§ **AVAILABLE DATA**
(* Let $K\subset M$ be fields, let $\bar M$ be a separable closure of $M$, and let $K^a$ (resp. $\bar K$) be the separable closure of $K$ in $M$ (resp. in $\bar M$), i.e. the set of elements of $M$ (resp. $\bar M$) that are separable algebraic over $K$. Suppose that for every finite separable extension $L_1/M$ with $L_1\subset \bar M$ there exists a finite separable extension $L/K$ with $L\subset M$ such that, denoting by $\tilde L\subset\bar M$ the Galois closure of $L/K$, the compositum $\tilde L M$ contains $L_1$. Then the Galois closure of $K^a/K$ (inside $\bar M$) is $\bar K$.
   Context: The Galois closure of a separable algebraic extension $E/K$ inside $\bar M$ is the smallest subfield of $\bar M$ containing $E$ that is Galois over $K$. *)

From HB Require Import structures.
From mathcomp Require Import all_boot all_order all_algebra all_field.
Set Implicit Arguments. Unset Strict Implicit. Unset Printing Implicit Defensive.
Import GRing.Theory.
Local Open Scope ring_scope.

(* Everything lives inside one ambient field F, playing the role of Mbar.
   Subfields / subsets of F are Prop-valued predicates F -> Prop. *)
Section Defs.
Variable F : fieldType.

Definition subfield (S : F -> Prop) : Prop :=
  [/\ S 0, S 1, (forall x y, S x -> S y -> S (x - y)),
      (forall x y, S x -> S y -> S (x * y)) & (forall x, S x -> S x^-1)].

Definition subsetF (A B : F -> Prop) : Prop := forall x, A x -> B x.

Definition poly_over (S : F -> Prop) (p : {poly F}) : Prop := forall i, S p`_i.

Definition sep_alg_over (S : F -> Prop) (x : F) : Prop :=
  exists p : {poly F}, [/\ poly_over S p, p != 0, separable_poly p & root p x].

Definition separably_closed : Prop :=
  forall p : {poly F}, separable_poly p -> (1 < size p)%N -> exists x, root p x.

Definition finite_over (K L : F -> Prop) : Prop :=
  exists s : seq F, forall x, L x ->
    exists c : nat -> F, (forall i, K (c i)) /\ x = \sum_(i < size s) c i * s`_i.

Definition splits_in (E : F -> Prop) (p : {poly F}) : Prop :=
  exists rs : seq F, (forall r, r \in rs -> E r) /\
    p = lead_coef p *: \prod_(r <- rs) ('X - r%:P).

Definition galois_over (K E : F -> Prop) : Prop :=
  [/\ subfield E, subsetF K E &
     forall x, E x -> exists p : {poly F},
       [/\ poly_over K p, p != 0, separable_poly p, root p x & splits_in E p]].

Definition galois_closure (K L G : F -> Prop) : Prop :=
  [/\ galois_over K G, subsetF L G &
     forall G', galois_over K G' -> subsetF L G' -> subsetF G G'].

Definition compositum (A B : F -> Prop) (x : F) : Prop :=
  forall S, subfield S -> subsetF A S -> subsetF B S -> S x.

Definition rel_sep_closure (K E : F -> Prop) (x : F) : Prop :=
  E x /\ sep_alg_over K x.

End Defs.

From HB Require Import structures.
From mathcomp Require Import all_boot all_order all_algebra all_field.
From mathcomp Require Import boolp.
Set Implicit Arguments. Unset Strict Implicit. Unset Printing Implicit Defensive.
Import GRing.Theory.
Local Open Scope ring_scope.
* * *
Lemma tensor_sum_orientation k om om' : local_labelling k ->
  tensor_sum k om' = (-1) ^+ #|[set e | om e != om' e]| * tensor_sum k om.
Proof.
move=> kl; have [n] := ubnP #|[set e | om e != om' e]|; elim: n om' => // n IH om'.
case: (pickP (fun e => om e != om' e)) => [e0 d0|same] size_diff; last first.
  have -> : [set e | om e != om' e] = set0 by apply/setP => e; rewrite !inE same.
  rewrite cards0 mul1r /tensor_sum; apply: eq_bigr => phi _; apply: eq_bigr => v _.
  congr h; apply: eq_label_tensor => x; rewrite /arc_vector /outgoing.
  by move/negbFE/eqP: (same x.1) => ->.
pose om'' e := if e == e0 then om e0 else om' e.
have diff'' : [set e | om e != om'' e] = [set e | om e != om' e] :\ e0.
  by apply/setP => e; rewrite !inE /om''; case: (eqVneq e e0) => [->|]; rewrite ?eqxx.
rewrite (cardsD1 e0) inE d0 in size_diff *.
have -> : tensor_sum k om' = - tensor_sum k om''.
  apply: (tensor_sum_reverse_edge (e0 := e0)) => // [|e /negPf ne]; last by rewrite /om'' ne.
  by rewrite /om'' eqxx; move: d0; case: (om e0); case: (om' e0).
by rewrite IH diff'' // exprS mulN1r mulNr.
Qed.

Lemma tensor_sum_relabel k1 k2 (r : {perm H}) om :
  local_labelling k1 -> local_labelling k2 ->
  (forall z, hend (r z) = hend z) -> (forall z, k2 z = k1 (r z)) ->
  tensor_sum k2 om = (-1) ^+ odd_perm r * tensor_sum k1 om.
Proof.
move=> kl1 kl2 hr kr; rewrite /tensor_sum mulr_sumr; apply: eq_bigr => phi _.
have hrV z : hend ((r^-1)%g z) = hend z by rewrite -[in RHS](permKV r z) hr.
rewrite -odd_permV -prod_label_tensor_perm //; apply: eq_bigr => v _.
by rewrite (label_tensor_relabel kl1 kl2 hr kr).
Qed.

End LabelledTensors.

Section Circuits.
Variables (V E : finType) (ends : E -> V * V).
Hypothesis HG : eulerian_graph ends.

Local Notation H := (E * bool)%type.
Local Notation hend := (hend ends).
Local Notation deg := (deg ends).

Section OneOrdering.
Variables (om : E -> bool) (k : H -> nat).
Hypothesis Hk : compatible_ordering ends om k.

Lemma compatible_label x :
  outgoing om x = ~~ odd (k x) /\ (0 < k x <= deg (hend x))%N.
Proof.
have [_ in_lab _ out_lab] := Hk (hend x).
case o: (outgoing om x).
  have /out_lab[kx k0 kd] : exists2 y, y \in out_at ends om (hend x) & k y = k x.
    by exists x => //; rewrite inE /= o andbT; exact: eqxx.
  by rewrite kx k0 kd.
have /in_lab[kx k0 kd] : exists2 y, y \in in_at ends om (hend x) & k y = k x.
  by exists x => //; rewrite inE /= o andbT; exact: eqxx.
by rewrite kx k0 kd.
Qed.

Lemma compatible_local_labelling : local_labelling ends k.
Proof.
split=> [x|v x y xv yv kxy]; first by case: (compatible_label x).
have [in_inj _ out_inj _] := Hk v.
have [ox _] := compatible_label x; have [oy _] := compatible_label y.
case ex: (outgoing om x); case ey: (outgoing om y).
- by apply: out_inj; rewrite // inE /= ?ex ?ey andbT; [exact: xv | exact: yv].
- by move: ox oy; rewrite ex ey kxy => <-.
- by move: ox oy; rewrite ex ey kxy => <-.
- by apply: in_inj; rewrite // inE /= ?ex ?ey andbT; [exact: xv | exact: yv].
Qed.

§ **EXERCISE GOAL**
In the listing above, find the line containing "(* Let $K\subset" and the line containing "Variable F : fieldType.", then retype both and every line between them exactly, with nothing else.

§ **SOLUTION FOR THIS EXERCISE**
(* Let $K\subset M$ be fields, let $\bar M$ be a separable closure of $M$, and let $K^a$ (resp. $\bar K$) be the separable closure of $K$ in $M$ (resp. in $\bar M$), i.e. the set of elements of $M$ (resp. $\bar M$) that are separable algebraic over $K$. Suppose that for every finite separable extension $L_1/M$ with $L_1\subset \bar M$ there exists a finite separable extension $L/K$ with $L\subset M$ such that, denoting by $\tilde L\subset\bar M$ the Galois closure of $L/K$, the compositum $\tilde L M$ contains $L_1$. Then the Galois closure of $K^a/K$ (inside $\bar M$) is $\bar K$.
   Context: The Galois closure of a separable algebraic extension $E/K$ inside $\bar M$ is the smallest subfield of $\bar M$ containing $E$ that is Galois over $K$. *)

From HB Require Import structures.
From mathcomp Require Import all_boot all_order all_algebra all_field.
Set Implicit Arguments. Unset Strict Implicit. Unset Printing Implicit Defensive.
Import GRing.Theory.
Local Open Scope ring_scope.

(* Everything lives inside one ambient field F, playing the role of Mbar.
   Subfields / subsets of F are Prop-valued predicates F -> Prop. *)
Section Defs.
Variable F : fieldType.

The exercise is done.